**EXERCISE INSTRUCTIONS**
The required response is the number of lines in the entries that include the word "induction", with nothing added.

========================

(* Let $(X,d)$ be a non-empty complete metric space and let $\alpha_{1},\alpha_{2}:X\to X$ be injective contractions with ratios $c_{1},c_{2}\in\,]0,1[$, i.e. $d(\alpha_{i}(x),\alpha_{i}(y))\leq c_{i}\,d(x,y)$ for all $x,y\in X$. Suppose that $\alpha_{1}$ and $\alpha_{2}$ have distinct fixed points and that $c_{1}+c_{2}\leq 1$. Then the semigroup generated by $\alpha_{1}$ and $\alpha_{2}$ under composition is free of rank $2$.
   Context: By Banach's fixed point theorem each contraction has a unique fixed point. A semigroup generated by two elements is free of rank $2$ if distinct finite nonempty words in the two generators give distinct elements. *)

From Stdlib Require Import Reals List.
Open Scope R_scope.

Definition is_metric {X : Type} (d : X -> X -> R) : Prop :=
  (forall x y, 0 <= d x y) /\
  (forall x y, d x y = 0 <-> x = y) /\
  (forall x y, d x y = d y x) /\
  (forall x y z, d x z <= d x y + d y z).

Definition cauchy_seq {X : Type} (d : X -> X -> R) (u : nat -> X) : Prop :=
  forall eps, 0 < eps -> exists N, forall m n, (N <= m)%nat -> (N <= n)%nat ->
    d (u m) (u n) < eps.

Definition converges_to {X : Type} (d : X -> X -> R) (u : nat -> X) (l : X) : Prop :=
  forall eps, 0 < eps -> exists N, forall n, (N <= n)%nat -> d (u n) l < eps.

Definition complete_metric {X : Type} (d : X -> X -> R) : Prop :=
  forall u : nat -> X, cauchy_seq d u -> exists l, converges_to d u l.

Definition contraction_with {X : Type} (d : X -> X -> R) (c : R) (a : X -> X) : Prop :=
  forall x y, d (a x) (a y) <= c * d x y.

Definition injective_map {X : Type} (f : X -> X) : Prop :=
  forall x y, f x = f y -> x = y.

(* Evaluation of a word over the alphabet {true, false} in the semigroup
   generated by a1 (letter true) and a2 (letter false) under composition:
   [b1; ...; bn] |-> alpha_b1 o ... o alpha_bn. *)
Fixpoint word_eval {X : Type} (a1 a2 : X -> X) (w : list bool) : X -> X :=
  match w with
  | nil => fun x => x
  | b :: w' => fun x => (if b then a1 else a2) (word_eval a1 a2 w' x)
  end.

Definition free_semigroup2 {X : Type} (a1 a2 : X -> X) : Prop :=
  forall w1 w2 : list bool, w1 <> nil -> w2 <> nil -> w1 <> w2 ->
    word_eval a1 a2 w1 <> word_eval a1 a2 w2.

(* Cancelling the longest common prefix (the generators are injective), a relation
   between two distinct words becomes either "a nonempty word is the identity",
   impossible since that word is a contraction and p1 <> p2, or
   alpha1 o F = alpha2 o G.  In the second case let q be the fixed point of this
   contraction and S the finite set of the points w(q), w a suffix of F or G.
   Every point of S is alpha_i(y) for some y in S, since q = alpha1(F q) = alpha2(G q).
   If the diameter M of S were positive, induction on the length of w gives
   d(w(q), y) < M for all y in S: points with the same first letter are contracted,
   and points alpha_i(z), alpha_j(y) with i <> j are compared through
   q = alpha_i(.) = alpha_j(.), giving less than c_i M + c_j M <= M.  Hence S is a
   single point, so q is a common fixed point of alpha1 and alpha2: q = p1 = p2. *)

From Stdlib Require Import Reals List Lra Psatz.
Open Scope R_scope.

Section Metric.

Context {X : Type} {d : X -> X -> R} (hd : is_metric d).

Lemma dist_ge0 x y : 0 <= d x y.
Proof. apply hd. Qed.

Lemma dist_eq0 x y : d x y = 0 <-> x = y.
Proof. apply hd. Qed.

Lemma dist_sym x y : d x y = d y x.
Proof. apply hd. Qed.

Lemma dist_triangle x y z : d x z <= d x y + d y z.
Proof. apply hd. Qed.

Lemma contraction_with_le (c c' : R) (T : X -> X) :
  c <= c' -> contraction_with d c T -> contraction_with d c' T.
Proof.
  intros hc hT x y. pose proof (hT x y). pose proof (dist_ge0 x y). nra.
Qed.

Lemma contraction_comp {c c' : R} {T U : X -> X} : 0 <= c ->
  contraction_with d c T -> contraction_with d c' U ->
  contraction_with d (c * c') (fun x => T (U x)).
Proof.
  intros hc hT hU x y. rewrite Rmult_assoc.
  eapply Rle_trans; [apply hT|]. apply Rmult_le_compat_l; [exact hc|apply hU].
Qed.

Lemma contraction_fixed_point_unique {c : R} {T : X -> X} :
  c < 1 -> contraction_with d c T -> forall p q, T p = p -> T q = q -> p = q.
Proof.
  intros hc hT p q hp hq. apply dist_eq0.
  pose proof (hT p q) as h. rewrite hp, hq in h. pose proof (dist_ge0 p q). nra.
Qed.

Section Banach.

Context {k : R} {T : X -> X} (hk : 0 <= k < 1) (hT : contraction_with d k T).

Lemma contraction_dist_le_displacements x y :
  d x y * (1 - k) <= d x (T x) + d y (T y).
Proof.
  pose proof (dist_triangle x (T x) y). pose proof (dist_triangle (T x) (T y) y).
  pose proof (hT x y). rewrite (dist_sym (T y) y) in *. lra.
Qed.

Lemma iter_displacement x0 n :
  d (Nat.iter n T x0) (T (Nat.iter n T x0)) <= k ^ n * d x0 (T x0).
Proof.
  induction n as [|n IH]; simpl; [lra|].
  eapply Rle_trans; [apply hT|]. rewrite Rmult_assoc. apply Rmult_le_compat_l; lra.
Qed.

Lemma iter_cauchy x0 : cauchy_seq d (fun n => Nat.iter n T x0).
Proof.
  intros eps heps. remember (d x0 (T x0)) as d0 eqn:def_d0.
  assert (hd0 : 0 <= d0) by (subst; apply dist_ge0).
  assert (hdelta : 0 < eps * (1 - k) / (2 * (d0 + 1))).
  { apply Rdiv_lt_0_compat; nra. }
  destruct (pow_lt_1_zero k ltac:(rewrite Rabs_pos_eq; lra) _ hdelta) as [N hN].
  exists N. intros m n hm hn.
  assert (small : forall i, (N <= i)%nat -> k ^ i * (2 * (d0 + 1)) < eps * (1 - k)).
  { intros i hi. specialize (hN i hi). rewrite Rabs_pos_eq in hN by (apply pow_le; lra).
    apply Rmult_lt_compat_r with (r := 2 * (d0 + 1)) in hN; [|lra].
    unfold Rdiv in hN. rewrite Rmult_assoc, Rinv_l in hN by lra. lra. }
  pose proof (small m hm). pose proof (small n hn).
  pose proof (pow_le k m (proj1 hk)). pose proof (pow_le k n (proj1 hk)).
  pose proof (contraction_dist_le_displacements (Nat.iter m T x0) (Nat.iter n T x0)).
  pose proof (iter_displacement x0 m). pose proof (iter_displacement x0 n).
  rewrite <- def_d0 in *. apply Rmult_lt_reg_r with (1 - k); nra.
Qed.

Lemma iter_limit_fixed x0 l :
  converges_to d (fun n => Nat.iter n T x0) l -> T l = l.
Proof.
  intros hl. apply dist_eq0, Rle_antisym; [|apply dist_ge0].
  apply Rle_plus_epsilon. intros eps heps.
  destruct (hl (eps / 2) ltac:(lra)) as [N hN].
  pose proof (hN N (le_n N)). pose proof (hN (S N) (le_S _ _ (le_n N))).
  simpl in *. pose proof (dist_triangle (T l) (T (Nat.iter N T x0)) l).
  pose proof (hT l (Nat.iter N T x0)). rewrite (dist_sym l) in *.
  pose proof (dist_ge0 (Nat.iter N T x0) l). nra.
Qed.

Theorem banach_fixed_point : complete_metric d -> inhabited X -> exists p, T p = p.
Proof.
  intros hcomplete [x0]. destruct (hcomplete _ (iter_cauchy x0)) as [l hl].
  exists l. exact (iter_limit_fixed x0 l hl).
Qed.

End Banach.

End Metric.

Section Words.

Context {X : Type} (a1 a2 : X -> X).

Definition letter (b : bool) : X -> X := if b then a1 else a2.

Hypotheses (hinj1 : injective_map a1) (hinj2 : injective_map a2)
  (hnot_id : forall b w, ~ (forall x, word_eval a1 a2 (b :: w) x = x))
  (hno_cross : forall f g, ~ (forall x, a1 (word_eval a1 a2 f x) = a2 (word_eval a1 a2 g x))).

Lemma word_eval_ext_inj w1 w2 :
  (forall x, word_eval a1 a2 w1 x = word_eval a1 a2 w2 x) -> w1 = w2.
Proof.
  revert w2. induction w1 as [|b1 w1 IH]; intros [|b2 w2] heq.
  - reflexivity.
  - destruct (hnot_id b2 w2). intro x. symmetry. apply heq.
  - destruct (hnot_id b1 w1). apply heq.
  - simpl in heq. destruct b1, b2.
    + f_equal. apply IH. intro x. apply hinj1, heq.
    + destruct (hno_cross w1 w2 heq).
    + destruct (hno_cross w2 w1). intro x. symmetry. apply heq.
    + f_equal. apply IH. intro x. apply hinj2, heq.
Qed.

Lemma free_semigroup2_intro : free_semigroup2 a1 a2.
Proof.
  intros w1 w2 _ _ hneq heq. apply hneq, word_eval_ext_inj.
  intro x. rewrite heq. reflexivity.
Qed.

End Words.

Fixpoint suffixes {A : Type} (l : list A) : list (list A) :=
  match l with nil => nil :: nil | _ :: t => l :: suffixes t end.

Lemma in_suffixes {A : Type} (l w : list A) : In w (suffixes l) <-> exists u, l = u ++ w.
Proof.
  induction l as [|a l IH]; simpl.
  - split.
    + intros [<-|[]]. exists nil. reflexivity.
    + intros [u hu]. left. destruct u; [|discriminate]. destruct w; [reflexivity|discriminate].
  - rewrite IH. split.
    + intros [<-|[u ->]]; [exists nil|exists (a :: u)]; reflexivity.
    + intros [[|b u] hu]; [left; exact hu|].
      injection hu as <- ->. right. exists u. reflexivity.
Qed.

Lemma suffixes_self {A : Type} (l : list A) : In l (suffixes l).
Proof. apply in_suffixes. exists nil. reflexivity. Qed.

Lemma suffixes_tail {A : Type} (l w : list A) (b : A) :
  In (b :: w) (suffixes l) -> In w (suffixes l).
Proof.
  rewrite !in_suffixes. intros [u ->]. exists (u ++ b :: nil). rewrite <- app_assoc. reflexivity.
Qed.

Lemma exists_max_in_list {A : Type} (phi : A -> R) (l : list A) :
  l <> nil -> exists a, In a l /\ forall b, In b l -> phi b <= phi a.
Proof.
  induction l as [|a l IH]; intros hl; [contradiction|].
  destruct l as [|a' l'].
  - exists a. split; [left; reflexivity|]. intros b [<-|[]]. lra.
  - destruct (IH ltac:(discriminate)) as [m [hm hmax]].
    destruct (Rle_dec (phi a) (phi m)).
    + exists m. split; [right; exact hm|]. intros b [<-|hb]; auto.
    + exists a. split; [left; reflexivity|]. intros b [<-|hb]; [lra|].
      specialize (hmax b hb). lra.
Qed.

Definition ratio (c1 c2 : R) (b : bool) : R := if b then c1 else c2.

Section TwoContractions.

Context {X : Type} {d : X -> X -> R} {a1 a2 : X -> X} {c1 c2 : R}.
Hypotheses (hd : is_metric d) (hc1 : 0 < c1) (hc2 : 0 < c2) (hsum : c1 + c2 <= 1)
  (hcon1 : contraction_with d c1 a1) (hcon2 : contraction_with d c2 a2).

Lemma ratio_gt0 b : 0 < ratio c1 c2 b.
Proof. destruct b; simpl; lra. Qed.

Lemma ratio_lt1 b : ratio c1 c2 b < 1.
Proof. destruct b; simpl; lra. Qed.

Lemma ratio_add_le1 b b' : b <> b' -> ratio c1 c2 b + ratio c1 c2 b' <= 1.
Proof. destruct b, b'; simpl; intros; lra || congruence. Qed.

Lemma letter_contraction b : contraction_with d (ratio c1 c2 b) (letter a1 a2 b).
Proof. destruct b; assumption. Qed.

Lemma word_eval_cons_contraction_le c b w :
  ratio c1 c2 b <= c -> contraction_with d 1 (word_eval a1 a2 w) ->
  contraction_with d c (word_eval a1 a2 (b :: w)).
Proof.
  intros hc hw. apply (contraction_with_le hd (ratio c1 c2 b * 1)); [lra|].
  exact (contraction_comp (Rlt_le _ _ (ratio_gt0 b)) (letter_contraction b) hw).
Qed.

Lemma word_eval_nonexpansive w : contraction_with d 1 (word_eval a1 a2 w).
Proof.
  induction w as [|b w IH]; [intros x y; simpl; lra|].
  apply word_eval_cons_contraction_le; [apply Rlt_le, ratio_lt1|exact IH].
Qed.

Lemma word_eval_cons_contraction b w :
  contraction_with d (ratio c1 c2 b) (word_eval a1 a2 (b :: w)).
Proof. apply word_eval_cons_contraction_le; [lra|apply word_eval_nonexpansive]. Qed.

Section Crossing.

Variables (q : X) (f g : list bool).
Hypotheses (hf : a1 (word_eval a1 a2 f q) = q) (hg : a2 (word_eval a1 a2 g q) = q).

Let words := suffixes f ++ suffixes g.
Let point (w : list bool) := word_eval a1 a2 w q.
Let points := map point words.
Let anchor (b : bool) := word_eval a1 a2 (if b then f else g) q.

Lemma words_tail b w : In (b :: w) words -> In w words.
Proof.
  unfold words. rewrite !in_app_iff. intros [h|h]; [left|right]; exact (suffixes_tail _ _ _ h).
Qed.

Lemma anchor_in_points b : In (anchor b) points.
Proof.
  apply (in_map point). unfold words. apply in_app_iff.
  destruct b; [left|right]; apply suffixes_self.
Qed.

Lemma q_in_points : In q points.
Proof.
  apply (in_map point _ nil).
  apply in_app_iff. left. apply in_suffixes. exists f. rewrite app_nil_r. reflexivity.
Qed.

Lemma letter_anchor b : letter a1 a2 b (anchor b) = q.
Proof. destruct b; assumption. Qed.

Lemma points_decompose y : In y points -> exists b Y, In Y points /\ y = letter a1 a2 b Y.
Proof.
  unfold points. rewrite in_map_iff. intros [[|b w] [<- hw]].
  - exists true, (anchor true). split; [apply anchor_in_points|]. symmetry. apply letter_anchor.
  - exists b, (point w). split; [|reflexivity].
    apply (in_map point). exact (words_tail b w hw).
Qed.

Lemma crossing_dist_lt M : 0 < M ->
  (forall x y, In x points -> In y points -> d x y <= M) ->
  forall w, In w words -> forall y, In y points -> d (point w) y < M.
Proof.
  intros hM hbound w. induction w as [|b w IH]; intros hw y hy;
    destruct (points_decompose y hy) as (b' & Y & hY & ->).
  - change (point nil) with q. rewrite <- (letter_anchor b') at 1.
    eapply Rle_lt_trans; [apply letter_contraction|].
    pose proof (hbound _ _ (anchor_in_points b') hY).
    pose proof (ratio_lt1 b'). pose proof (ratio_gt0 b'). nra.
  - change (point (b :: w)) with (letter a1 a2 b (point w)).
    assert (hZ : In (point w) points) by (apply (in_map point); exact (words_tail b w hw)).
    destruct (Bool.bool_dec b b') as [<-|hbb'].
    + eapply Rle_lt_trans; [apply letter_contraction|].
      pose proof (hbound _ _ hZ hY). pose proof (ratio_lt1 b). pose proof (ratio_gt0 b). nra.
    + pose proof (dist_triangle hd (letter a1 a2 b (point w)) q (letter a1 a2 b' Y)) as htri.
      rewrite <- (letter_anchor b) in htri at 1. rewrite <- (letter_anchor b') in htri.
      pose proof (letter_contraction b (point w) (anchor b)).
      pose proof (letter_contraction b' (anchor b') Y).
      pose proof (IH (words_tail b w hw) _ (anchor_in_points b)).
      pose proof (hbound _ _ (anchor_in_points b') hY).
      pose proof (ratio_gt0 b). pose proof (ratio_gt0 b'). pose proof (ratio_add_le1 b b' hbb').
      nra.
Qed.

Lemma points_collapse x y : In x points -> In y points -> x = y.
Proof.
  assert (hne : list_prod points points <> nil).
  { pose proof q_in_points. destruct points; [contradiction|discriminate]. }
  destruct (exists_max_in_list (fun p => d (fst p) (snd p)) _ hne) as [[x0 y0] [h0 hmax]].
  apply in_prod_iff in h0 as [hx0 hy0]. simpl in hmax.
  assert (hbound : forall u v, In u points -> In v points -> d u v <= d x0 y0).
  { intros u v hu hv. apply (hmax (u, v)), in_prod_iff. split; assumption. }
  assert (hM : d x0 y0 <= 0).
  { apply Rnot_lt_le. intros hM.
    assert (hx0' := hx0). unfold points in hx0'. apply in_map_iff in hx0' as [w0 [<- hw0]].
    pose proof (crossing_dist_lt _ hM hbound w0 hw0 y0 hy0). lra. }
  intros hx hy. apply (dist_eq0 hd), Rle_antisym; [|apply (dist_ge0 hd)].
  apply (Rle_trans _ _ _ (hbound x y hx hy) hM).
Qed.

Lemma crossing_point_fixed : a1 q = q /\ a2 q = q.
Proof.
  pose proof (points_collapse _ _ (anchor_in_points true) q_in_points) as h1.
  pose proof (points_collapse _ _ (anchor_in_points false) q_in_points) as h2.
  split; [rewrite <- h1 at 1; exact hf|rewrite <- h2 at 1; exact hg].
Qed.

End Crossing.

End TwoContractions.

Theorem proposition2p1 (X : Type) (d : X -> X -> R)
  (hmetric : is_metric d) (hcomplete : complete_metric d) (hne : inhabited X)
  (alpha1 alpha2 : X -> X) (c1 c2 : R)
  (hc1 : 0 < c1 < 1) (hc2 : 0 < c2 < 1)
  (hinj1 : injective_map alpha1) (hinj2 : injective_map alpha2)
  (hcon1 : contraction_with d c1 alpha1) (hcon2 : contraction_with d c2 alpha2)
  (hfix : exists p1 p2 : X, alpha1 p1 = p1 /\ alpha2 p2 = p2 /\ p1 <> p2)
  (hsum : c1 + c2 <= 1) :
  free_semigroup2 alpha1 alpha2.
Proof.
  destruct hfix as (p1 & p2 & hp1 & hp2 & hp12).
  assert (hc1' : 0 < c1) by lra. assert (hc2' : 0 < c2) by lra.
  pose proof (word_eval_cons_contraction hmetric hc1' hc2' hsum hcon1 hcon2) as hword.
  apply free_semigroup2_intro; [exact hinj1|exact hinj2| |].
  - intros b w hid. apply hp12.
    apply (contraction_fixed_point_unique hmetric (ratio_lt1 hc1' hc2' hsum b) (hword b w));
      apply hid.
  - intros f g hcross.
    destruct (banach_fixed_point hmetric (conj (Rlt_le _ _ hc1') (proj2 hc1)) (hword true f)
                hcomplete hne) as [q hq].
    destruct (crossing_point_fixed hmetric hc1' hc2' hsum hcon1 hcon2 q f g hq
                (eq_trans (eq_sym (hcross q)) hq)) as [hq1 hq2].
    apply hp12. transitivity q; [|symmetry].
    + exact (contraction_fixed_point_unique hmetric (proj2 hc1) hcon1 _ _ hp1 hq1).
    + exact (contraction_fixed_point_unique hmetric (proj2 hc2) hcon2 _ _ hp2 hq2).
Qed.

========================

**EXPECTED ANSWER**
7